At BofA Securities, there is a team of economists, strategists, and equity analysts covering 15 countries based in New York, Sao Paulo, and Mexico City. Irigoyen credited his firm’s approach in the region to its increased market share. “Different from the trend in the industry, we have been hiring senior analysts and upgrading the coverage in key sectors, which allowed us to increase the market share and the number of ranked positions as clients value the investment in human capital and the commitment to the region,” he added.

At JPMorgan, meanwhile, the research footprint surpasses 235 companies and should grow larger in 2023, according to Lakos. “We remain committed to developing on-the-ground insights in the region with research analysts located in São Paulo, Santiago, Mexico City, New York City, and London,” he said. “We are back on the road with regular road shows to LatAm-based and global clients and hosting in-person flagship conferences such as the Brazil and Mexico opportunities conferences.”
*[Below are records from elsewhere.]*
(* Let $G$ be a minimal graph in $\mathcal{H}_e(3,3)$. Then for every vertex $v$ of $G$ we have $\alpha(G(v))\le d(v)-3$.
   Context: All graphs are finite, simple and undirected. $\alpha(H)$ is the independence number of $H$, $d(v)$ is the degree of $v$, and $G(v)$ is the subgraph of $G$ induced by the set of neighbors of $v$. Write $G \overset{e}{\rightarrow}(3,3)$ if every coloring of the edges of $G$ with two colors contains a monochromatic triangle; $\mathcal{H}_e(3,3)$ is the class of such graphs. $G$ is a minimal graph in $\mathcal{H}_e(3,3)$ if $G \overset{e}{\rightarrow}(3,3)$ and no proper subgraph $H$ of $G$ satisfies $H \overset{e}{\rightarrow}(3,3)$. *)

From mathcomp Require Import all_boot.
Set Implicit Arguments. Unset Strict Implicit. Unset Printing Implicit Defensive.

Definition simple_graph (T : finType) (e : rel T) : Prop :=
  (forall x, ~~ e x x) /\ (forall x y, e x y = e y x).

(* A 2-colouring of the edges: a symmetric function on pairs (its values
   on non-edges are irrelevant). *)
Definition edge_coloring (T : finType) (c : T -> T -> bool) : Prop :=
  forall x y, c x y = c y x.

Definition arrows33 (T : finType) (e : rel T) : Prop :=
  forall c : T -> T -> bool, edge_coloring c ->
    exists x y z, [/\ e x y, e y z & e x z] /\ c x y = c y z /\ c x y = c x z.

Definition subgraph (T : finType) (e : rel T) (V : {set T}) (f : rel T) : Prop :=
  (forall x y, f x y = f y x) /\
  (forall x y, f x y -> e x y) /\
  (forall x y, f x y -> x \in V /\ y \in V).

Definition proper_subgraph (T : finType) (e : rel T) (V : {set T}) (f : rel T) : Prop :=
  subgraph e V f /\ (V != setT \/ exists x y, f x y <> e x y).

(* Since a triangle of (V, f) only uses edges of f, "(V,f) -e-> (3,3)" is
   arrows33 f. *)
Definition minimal_arrows33 (T : finType) (e : rel T) : Prop :=
  arrows33 e /\ forall V f, proper_subgraph e V f -> ~ arrows33 f.

Definition nbhd (T : finType) (e : rel T) (v : T) : {set T} := [set u | e v u].

Definition deg (T : finType) (e : rel T) (v : T) : nat := #|nbhd e v|.

Definition independent (T : finType) (e : rel T) (S : {set T}) : bool :=
  [forall x in S, forall y in S, ~~ e x y].

Definition alpha_nbhd (T : finType) (e : rel T) (v : T) : nat :=
  \max_(S : {set T} | (S \subset nbhd e v) && independent e S) #|S|.

From mathcomp Require Import all_boot.
From mathcomp Require Import zify.
Set Implicit Arguments. Unset Strict Implicit. Unset Printing Implicit Defensive.

(* Suppose S is an independent set in N(v) with |N(v) \ S| <= 2.  Colour the
   graph G - v, a proper subgraph, without monochromatic triangles, and colour
   each edge vu by a colour depending only on whether u lies in S: one colour
   k on N(v) \ S, the other on S.  A triangle vxy then has x, y not both in S;
   if exactly one of them is in S its two edges at v differ, and if neither is,
   then {x, y} = N(v) \ S and choosing k opposite to the colour of xy breaks it.
   So G would not arrow (3,3); hence |N(v) \ S| >= 3 for every independent S. *)

Definition mono_triangle (T : finType) (e : rel T) (c : T -> T -> bool) : Prop :=
  exists x y z, [/\ e x y, e y z & e x z] /\ c x y = c y z /\ c x y = c x z.

Definition del_vertex (T : finType) (e : rel T) (v : T) : rel T :=
  fun x y => [&& e x y, x != v & y != v].

Definition extend_coloring (T : finType) (c : T -> T -> bool) (v : T) (g : T -> bool) :
    T -> T -> bool :=
  fun x y => if x == v then g y else if y == v then g x else c x y.

Definition apex_mono_free (T : finType) (e : rel T) (c : T -> T -> bool) (v : T)
    (g : T -> bool) : Prop :=
  forall x y, e v x -> e v y -> e x y -> ~ (g x = g y /\ g x = c x y).

Lemma card_le2_pair (T : finType) (B : {set T}) x y :
  #|B| <= 2 -> x \in B -> y \in B -> x != y -> B = [set x; y].
Proof.
move=> B_le2 xB yB xy; apply/esym/eqP.
by rewrite eqEcard cards2 xy B_le2 andbT subUset !sub1set xB yB.
Qed.

Section VertexDeletion.

Variables (T : finType) (e : rel T).
Hypotheses (e_irr : forall x, ~~ e x x) (e_sym : symmetric e).

Lemma proper_subgraph_del_vertex v : proper_subgraph e [set~ v] (del_vertex e v).
Proof.
split; last by left; apply/eqP => /setP /(_ v); rewrite !inE eqxx.
split; [|split].
- by move=> x y; rewrite /del_vertex e_sym; congr (_ && _); exact: andbC.
- by move=> x y /andP [].
- by move=> x y /and3P [_ xv yv]; rewrite !inE xv yv.
Qed.

Lemma edge_coloring_extend (c : T -> T -> bool) v (g : T -> bool) :
  edge_coloring c -> edge_coloring (extend_coloring c v g).
Proof.
move=> c_sym x y; rewrite /extend_coloring (c_sym x y).
case: (eqVneq x v) => [xv|_]; case: (eqVneq y v) => [yv|_] //.
by rewrite xv yv.
Qed.

Lemma mono_triangle_extend (c : T -> T -> bool) v (g : T -> bool) :
  apex_mono_free e c v g -> mono_triangle e (extend_coloring c v g) ->
  mono_triangle (del_vertex e v) c.
Proof.
move=> g_ok [x [y [z [[exy eyz exz] [cxy_yz cxy_xz]]]]].
have neq_v u : e v u -> (u == v) = false.
  by move=> evu; apply/negbTE; apply: contraTneq evu => ->.
move: cxy_yz cxy_xz; rewrite /extend_coloring.
case: (eqVneq x v) => [xv|xv].
  subst x; rewrite (neq_v _ exy) (neq_v _ exz) => gy_cyz gy_gz.
  by case: (g_ok y z exy exz eyz).
case: (eqVneq y v) => [yv|yv].
  subst y; rewrite (neq_v _ eyz) => gx_gz gx_cxz.
  by case: (g_ok x z _ eyz exz); rewrite 1?e_sym.
case: (eqVneq z v) => [zv|zv].
  subst z => cxy_gy cxy_gx.
  by case: (g_ok x y _ _ exy); rewrite 1?e_sym // -cxy_gx -cxy_gy.
move=> cxy_yz cxy_xz; exists x, y, z.
by rewrite /del_vertex exy eyz exz xv yv zv.
Qed.

Lemma opposite_color_card_le2 (B : {set T}) (c : T -> T -> bool) :
  edge_coloring c -> #|B| <= 2 ->
  exists k, forall x y, x \in B -> y \in B -> e x y -> k = ~~ c x y.
Proof.
move=> c_sym B_le2.
case: (pickP [pred p : T * T | [&& p.1 \in B, p.2 \in B & e p.1 p.2]]) => [[p q]|no_edge].
  move=> /and3P [/= pB qB epq]; exists (~~ c p q) => x y xB yB exy.
  have pq : p != q by apply: contraTneq epq => ->.
  have xy : x != y by apply: contraTneq exy => ->.
  have B_pq := card_le2_pair B_le2 pB qB pq.
  move: xB yB xy; rewrite B_pq !inE.
  by case/orP=> /eqP->; case/orP=> /eqP->; rewrite ?eqxx // c_sym.
by exists true => x y xB yB exy; move: (no_edge (x, y)); rewrite /= xB yB exy.
Qed.

Lemma apex_mono_free_exists v (S : {set T}) (c : T -> T -> bool) :
  edge_coloring c -> independent e S -> #|nbhd e v :\: S| <= 2 ->
  exists g, apex_mono_free e c v g.
Proof.
move=> c_sym S_ind B_le2.
have [k Hk] := opposite_color_card_le2 c_sym B_le2.
exists (fun u => if u \in S then ~~ k else k) => x y evx evy exy.
case xS: (x \in S); case yS: (y \in S); try by move=> [+ _]; case: (k).
  by move/forall_inP: S_ind => /(_ x xS) /forall_inP /(_ y yS); rewrite exy.
by rewrite (Hk x y) ?inE ?xS ?yS ?evx ?evy // => -[_]; case: (c x y).
Qed.

Lemma minimal_arrows33_nbhd_indep v (S : {set T}) :
  minimal_arrows33 e -> independent e S -> 2 < #|nbhd e v :\: S|.
Proof.
move=> [arrows minimal] S_ind; rewrite ltnNge; apply/negP => B_le2.
apply: (minimal _ _ (proper_subgraph_del_vertex v)) => c c_sym.
have [g g_ok] := apex_mono_free_exists c_sym S_ind B_le2.
exact: mono_triangle_extend g_ok (arrows _ (edge_coloring_extend v g c_sym)).
Qed.

End VertexDeletion.

Lemma alpha_nbhd_attained (T : finType) (e : rel T) v :
  exists2 S : {set T}, (S \subset nbhd e v) && independent e S & #|S| = alpha_nbhd e v.
Proof.
have nonempty : 0 < #|[pred S : {set T} | (S \subset nbhd e v) && independent e S]|.
  by apply/card_gt0P; exists set0; rewrite inE sub0set; apply/forall_inP => x; rewrite inE.
rewrite /alpha_nbhd; have [S S_ok ->] := eq_bigmax_cond (fun S : {set T} => #|S|) nonempty.
by exists S.
Qed.

Theorem theorem8p6 (T : finType) (e : rel T) :
  simple_graph e -> minimal_arrows33 e ->
  forall v : T, alpha_nbhd e v + 3 <= deg e v.
Proof.
move=> [e_irr e_sym] e_min v.
have [S /andP [S_sub S_ind] <-] := alpha_nbhd_attained e v.
have := minimal_arrows33_nbhd_indep e_irr e_sym v e_min S_ind.
rewrite (cardsDS S_sub) /deg; have := subset_leq_card S_sub; lia.
Qed.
Mexico became an important part of the conversation this year as the nearshoring trend of moving of business operations to a closer country became more acute.

“Because of these geopolitical tensions between the U.S. and China, what is happening in the globe is that the production chains have basically divided in two,” said Sequeira. “One chain, the Americas, is serving the U.S., and one chain on the east side of the world to serve China. Mexico, because it already had all the trade agreements lined up and it is very close to the U.S., should benefit the most. Several U.S. companies are already operating out of Mexico, so I think that it became even more clear that Mexico is going to play a very big role in becoming the main provider resource for the U.S.”

Looking forward, Latin America has a great opportunity to be one of the winning regions in a world where geopolitical tension might escalate, according to BofA’s Irigoyen. “The region can benefit as commodity exporter not only of traditional commodities such as copper and grains, but also as a producer and exporter of ‘new commodities’ essential for the new world such as lithium,” he said. “It remains to see how the recent pink wave ends up affecting investor confidence, but everything indicates that the worst-case scenarios that market participants envisioned some time ago are not low probability events.”